Records for this task:
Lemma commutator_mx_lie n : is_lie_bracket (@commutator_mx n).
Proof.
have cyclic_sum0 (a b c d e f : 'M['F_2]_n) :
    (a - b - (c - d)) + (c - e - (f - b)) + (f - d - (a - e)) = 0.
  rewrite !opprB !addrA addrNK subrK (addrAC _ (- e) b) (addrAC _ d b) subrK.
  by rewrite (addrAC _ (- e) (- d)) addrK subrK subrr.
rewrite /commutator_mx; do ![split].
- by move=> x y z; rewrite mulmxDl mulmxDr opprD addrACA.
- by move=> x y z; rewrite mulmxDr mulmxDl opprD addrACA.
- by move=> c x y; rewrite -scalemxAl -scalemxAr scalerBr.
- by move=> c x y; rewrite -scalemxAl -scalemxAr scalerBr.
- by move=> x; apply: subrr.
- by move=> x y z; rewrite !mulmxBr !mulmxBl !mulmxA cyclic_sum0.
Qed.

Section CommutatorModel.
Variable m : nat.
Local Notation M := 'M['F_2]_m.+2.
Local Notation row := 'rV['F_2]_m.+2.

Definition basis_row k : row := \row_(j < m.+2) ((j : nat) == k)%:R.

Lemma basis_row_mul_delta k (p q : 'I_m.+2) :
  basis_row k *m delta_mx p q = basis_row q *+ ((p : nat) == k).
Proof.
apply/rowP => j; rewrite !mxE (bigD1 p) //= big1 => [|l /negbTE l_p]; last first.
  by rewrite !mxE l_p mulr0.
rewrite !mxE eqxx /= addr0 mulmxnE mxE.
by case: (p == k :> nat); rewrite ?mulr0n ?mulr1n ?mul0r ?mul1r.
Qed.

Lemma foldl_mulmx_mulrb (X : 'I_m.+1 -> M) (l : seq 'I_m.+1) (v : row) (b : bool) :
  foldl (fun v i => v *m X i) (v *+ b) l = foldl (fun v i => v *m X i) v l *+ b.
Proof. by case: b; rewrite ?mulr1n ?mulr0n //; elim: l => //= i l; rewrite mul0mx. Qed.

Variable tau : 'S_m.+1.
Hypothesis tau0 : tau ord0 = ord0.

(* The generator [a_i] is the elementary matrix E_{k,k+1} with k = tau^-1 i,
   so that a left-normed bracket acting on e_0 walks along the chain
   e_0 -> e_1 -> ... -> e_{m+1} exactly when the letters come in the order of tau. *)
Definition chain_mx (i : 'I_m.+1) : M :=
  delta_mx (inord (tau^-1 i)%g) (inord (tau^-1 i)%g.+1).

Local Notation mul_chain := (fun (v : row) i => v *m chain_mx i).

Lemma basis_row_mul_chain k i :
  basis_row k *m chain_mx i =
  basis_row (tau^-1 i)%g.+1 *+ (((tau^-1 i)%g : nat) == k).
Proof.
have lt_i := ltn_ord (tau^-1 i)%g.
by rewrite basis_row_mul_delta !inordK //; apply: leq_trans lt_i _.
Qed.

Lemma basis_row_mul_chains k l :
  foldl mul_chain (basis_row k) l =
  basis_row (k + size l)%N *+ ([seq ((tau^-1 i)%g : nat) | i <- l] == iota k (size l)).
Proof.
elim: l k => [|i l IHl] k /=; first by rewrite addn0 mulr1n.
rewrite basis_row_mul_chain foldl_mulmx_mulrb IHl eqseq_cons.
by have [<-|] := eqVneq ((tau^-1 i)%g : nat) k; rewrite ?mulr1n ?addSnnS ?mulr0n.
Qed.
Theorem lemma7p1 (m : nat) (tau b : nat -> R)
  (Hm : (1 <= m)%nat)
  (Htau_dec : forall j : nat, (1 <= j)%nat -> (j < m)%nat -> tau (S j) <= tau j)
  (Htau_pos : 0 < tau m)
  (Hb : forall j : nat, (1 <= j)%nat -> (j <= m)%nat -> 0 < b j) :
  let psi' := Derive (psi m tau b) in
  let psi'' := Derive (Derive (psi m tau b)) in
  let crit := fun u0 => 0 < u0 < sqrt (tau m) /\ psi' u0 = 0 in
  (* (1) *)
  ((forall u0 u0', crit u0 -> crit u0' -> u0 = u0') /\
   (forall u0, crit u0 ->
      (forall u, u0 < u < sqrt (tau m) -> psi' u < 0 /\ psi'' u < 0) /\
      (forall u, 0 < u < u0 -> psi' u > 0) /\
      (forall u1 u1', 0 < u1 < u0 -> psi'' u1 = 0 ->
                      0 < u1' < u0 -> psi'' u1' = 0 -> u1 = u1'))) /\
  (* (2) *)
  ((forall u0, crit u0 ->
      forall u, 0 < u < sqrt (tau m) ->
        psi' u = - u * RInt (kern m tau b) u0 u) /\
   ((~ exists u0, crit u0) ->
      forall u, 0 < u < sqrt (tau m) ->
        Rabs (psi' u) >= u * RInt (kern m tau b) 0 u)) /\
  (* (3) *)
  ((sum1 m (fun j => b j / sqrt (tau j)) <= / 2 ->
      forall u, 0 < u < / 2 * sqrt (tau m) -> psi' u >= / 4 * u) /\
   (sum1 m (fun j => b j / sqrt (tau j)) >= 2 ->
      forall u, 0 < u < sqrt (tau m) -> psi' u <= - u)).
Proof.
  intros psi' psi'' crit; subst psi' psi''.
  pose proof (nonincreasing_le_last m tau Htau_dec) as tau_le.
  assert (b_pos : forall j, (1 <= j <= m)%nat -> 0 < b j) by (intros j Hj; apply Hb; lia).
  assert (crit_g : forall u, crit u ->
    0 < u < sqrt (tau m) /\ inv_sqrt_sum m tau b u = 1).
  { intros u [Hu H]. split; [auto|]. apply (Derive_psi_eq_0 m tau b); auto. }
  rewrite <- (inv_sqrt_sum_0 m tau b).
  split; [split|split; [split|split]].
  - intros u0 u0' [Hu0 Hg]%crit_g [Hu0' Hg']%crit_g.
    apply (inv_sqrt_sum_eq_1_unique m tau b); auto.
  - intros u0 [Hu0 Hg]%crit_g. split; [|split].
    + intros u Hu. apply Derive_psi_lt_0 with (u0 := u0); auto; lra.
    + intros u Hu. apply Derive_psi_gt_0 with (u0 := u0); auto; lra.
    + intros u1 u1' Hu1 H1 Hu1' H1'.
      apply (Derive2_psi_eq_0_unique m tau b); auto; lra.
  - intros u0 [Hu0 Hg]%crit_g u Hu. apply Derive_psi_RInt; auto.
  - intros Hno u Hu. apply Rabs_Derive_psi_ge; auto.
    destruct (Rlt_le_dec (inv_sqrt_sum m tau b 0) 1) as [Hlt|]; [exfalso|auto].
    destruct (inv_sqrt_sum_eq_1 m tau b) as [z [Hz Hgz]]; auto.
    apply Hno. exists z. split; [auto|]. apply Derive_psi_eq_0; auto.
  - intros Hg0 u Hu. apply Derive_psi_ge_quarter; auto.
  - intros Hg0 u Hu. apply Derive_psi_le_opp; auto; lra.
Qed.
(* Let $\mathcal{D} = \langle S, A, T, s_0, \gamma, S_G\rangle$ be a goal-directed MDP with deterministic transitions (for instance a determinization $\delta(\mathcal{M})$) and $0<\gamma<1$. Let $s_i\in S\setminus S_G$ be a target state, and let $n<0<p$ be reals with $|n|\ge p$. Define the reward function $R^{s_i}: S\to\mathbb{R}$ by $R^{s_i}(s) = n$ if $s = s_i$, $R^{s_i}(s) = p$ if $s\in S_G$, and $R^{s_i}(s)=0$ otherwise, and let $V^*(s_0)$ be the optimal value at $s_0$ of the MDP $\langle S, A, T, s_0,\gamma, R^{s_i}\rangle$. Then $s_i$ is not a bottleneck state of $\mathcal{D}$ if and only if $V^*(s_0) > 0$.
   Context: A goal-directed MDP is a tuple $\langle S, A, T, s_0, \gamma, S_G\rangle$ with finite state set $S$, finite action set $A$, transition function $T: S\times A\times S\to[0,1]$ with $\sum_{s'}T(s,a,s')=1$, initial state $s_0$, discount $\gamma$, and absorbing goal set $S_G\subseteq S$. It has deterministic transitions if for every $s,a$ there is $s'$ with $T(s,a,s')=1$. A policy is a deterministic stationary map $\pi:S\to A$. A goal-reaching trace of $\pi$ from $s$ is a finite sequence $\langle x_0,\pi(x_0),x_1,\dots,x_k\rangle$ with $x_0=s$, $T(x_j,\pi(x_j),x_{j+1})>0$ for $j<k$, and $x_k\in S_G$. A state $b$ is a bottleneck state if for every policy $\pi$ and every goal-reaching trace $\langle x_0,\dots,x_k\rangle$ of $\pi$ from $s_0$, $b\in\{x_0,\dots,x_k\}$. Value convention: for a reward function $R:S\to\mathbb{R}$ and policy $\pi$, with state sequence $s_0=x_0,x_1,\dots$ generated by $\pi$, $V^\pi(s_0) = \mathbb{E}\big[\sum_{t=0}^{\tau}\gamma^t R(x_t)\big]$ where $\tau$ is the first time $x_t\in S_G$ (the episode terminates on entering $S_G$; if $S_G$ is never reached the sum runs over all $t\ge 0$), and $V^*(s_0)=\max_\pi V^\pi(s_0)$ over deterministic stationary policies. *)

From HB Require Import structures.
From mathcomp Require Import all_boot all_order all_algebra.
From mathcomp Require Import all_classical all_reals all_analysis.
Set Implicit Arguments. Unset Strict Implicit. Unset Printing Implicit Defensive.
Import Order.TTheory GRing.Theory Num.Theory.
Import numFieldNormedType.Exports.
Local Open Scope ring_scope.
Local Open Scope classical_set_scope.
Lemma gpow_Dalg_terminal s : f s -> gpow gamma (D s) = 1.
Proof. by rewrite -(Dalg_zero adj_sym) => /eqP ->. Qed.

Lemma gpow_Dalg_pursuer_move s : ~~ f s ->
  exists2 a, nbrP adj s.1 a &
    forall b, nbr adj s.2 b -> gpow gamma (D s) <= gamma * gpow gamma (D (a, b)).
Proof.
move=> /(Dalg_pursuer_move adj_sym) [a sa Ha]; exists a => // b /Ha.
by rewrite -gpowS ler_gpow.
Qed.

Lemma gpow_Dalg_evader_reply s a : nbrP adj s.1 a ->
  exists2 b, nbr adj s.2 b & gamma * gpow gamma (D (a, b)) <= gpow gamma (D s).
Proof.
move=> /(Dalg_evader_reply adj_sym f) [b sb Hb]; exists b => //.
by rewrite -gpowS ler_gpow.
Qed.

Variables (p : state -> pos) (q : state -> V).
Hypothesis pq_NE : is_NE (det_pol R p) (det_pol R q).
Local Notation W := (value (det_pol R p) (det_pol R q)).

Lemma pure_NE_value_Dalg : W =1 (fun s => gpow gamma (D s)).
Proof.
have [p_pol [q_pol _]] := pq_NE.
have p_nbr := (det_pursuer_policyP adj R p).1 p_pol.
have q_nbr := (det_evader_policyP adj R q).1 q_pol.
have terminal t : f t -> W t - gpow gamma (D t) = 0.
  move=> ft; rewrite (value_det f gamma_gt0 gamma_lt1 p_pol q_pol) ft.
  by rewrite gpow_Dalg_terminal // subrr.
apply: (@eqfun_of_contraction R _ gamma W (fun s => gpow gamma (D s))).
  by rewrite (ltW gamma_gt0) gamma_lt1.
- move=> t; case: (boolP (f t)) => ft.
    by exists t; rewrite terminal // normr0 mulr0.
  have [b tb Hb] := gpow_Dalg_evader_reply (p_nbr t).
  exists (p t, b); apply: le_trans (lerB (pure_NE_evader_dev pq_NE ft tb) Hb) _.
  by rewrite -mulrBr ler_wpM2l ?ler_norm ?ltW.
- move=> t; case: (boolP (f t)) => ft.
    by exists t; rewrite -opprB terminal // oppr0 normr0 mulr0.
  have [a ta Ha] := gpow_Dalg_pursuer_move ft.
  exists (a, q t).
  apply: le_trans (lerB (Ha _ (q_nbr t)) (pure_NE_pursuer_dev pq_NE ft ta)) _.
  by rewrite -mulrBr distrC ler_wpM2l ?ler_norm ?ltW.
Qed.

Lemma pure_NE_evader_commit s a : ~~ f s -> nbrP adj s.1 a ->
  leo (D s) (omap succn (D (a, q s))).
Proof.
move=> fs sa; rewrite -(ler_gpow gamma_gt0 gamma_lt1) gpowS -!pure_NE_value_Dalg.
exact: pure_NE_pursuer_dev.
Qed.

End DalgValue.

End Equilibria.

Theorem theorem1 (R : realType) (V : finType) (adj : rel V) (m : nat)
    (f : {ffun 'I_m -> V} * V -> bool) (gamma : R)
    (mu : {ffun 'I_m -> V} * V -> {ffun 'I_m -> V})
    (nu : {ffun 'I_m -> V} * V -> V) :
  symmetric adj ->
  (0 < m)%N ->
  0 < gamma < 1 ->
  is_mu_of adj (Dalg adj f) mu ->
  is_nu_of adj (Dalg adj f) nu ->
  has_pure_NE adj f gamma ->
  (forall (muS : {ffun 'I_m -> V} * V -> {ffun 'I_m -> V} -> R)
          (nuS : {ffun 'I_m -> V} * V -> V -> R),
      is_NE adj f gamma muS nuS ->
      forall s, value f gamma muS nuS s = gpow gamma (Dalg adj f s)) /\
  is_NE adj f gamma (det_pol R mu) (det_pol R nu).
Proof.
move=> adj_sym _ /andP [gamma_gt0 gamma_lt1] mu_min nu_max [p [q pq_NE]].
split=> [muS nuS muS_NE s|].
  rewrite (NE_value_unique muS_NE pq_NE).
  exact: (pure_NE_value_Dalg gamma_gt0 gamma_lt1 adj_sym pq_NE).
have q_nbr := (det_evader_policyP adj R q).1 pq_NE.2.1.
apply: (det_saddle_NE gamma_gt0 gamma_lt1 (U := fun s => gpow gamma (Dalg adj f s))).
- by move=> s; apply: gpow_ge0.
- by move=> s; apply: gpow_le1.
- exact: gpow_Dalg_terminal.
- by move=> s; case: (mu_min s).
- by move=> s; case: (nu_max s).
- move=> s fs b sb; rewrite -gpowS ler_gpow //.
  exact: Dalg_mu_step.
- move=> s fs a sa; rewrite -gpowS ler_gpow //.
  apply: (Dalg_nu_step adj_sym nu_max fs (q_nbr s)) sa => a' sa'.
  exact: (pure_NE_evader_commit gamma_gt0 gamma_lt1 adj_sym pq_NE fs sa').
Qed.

Work instruction:
Search the entries for the word "kern". Copy every line where it occurs.

Answer area:
        psi' u = - u * RInt (kern m tau b) u0 u) /\
        Rabs (psi' u) >= u * RInt (kern m tau b) 0 u)) /\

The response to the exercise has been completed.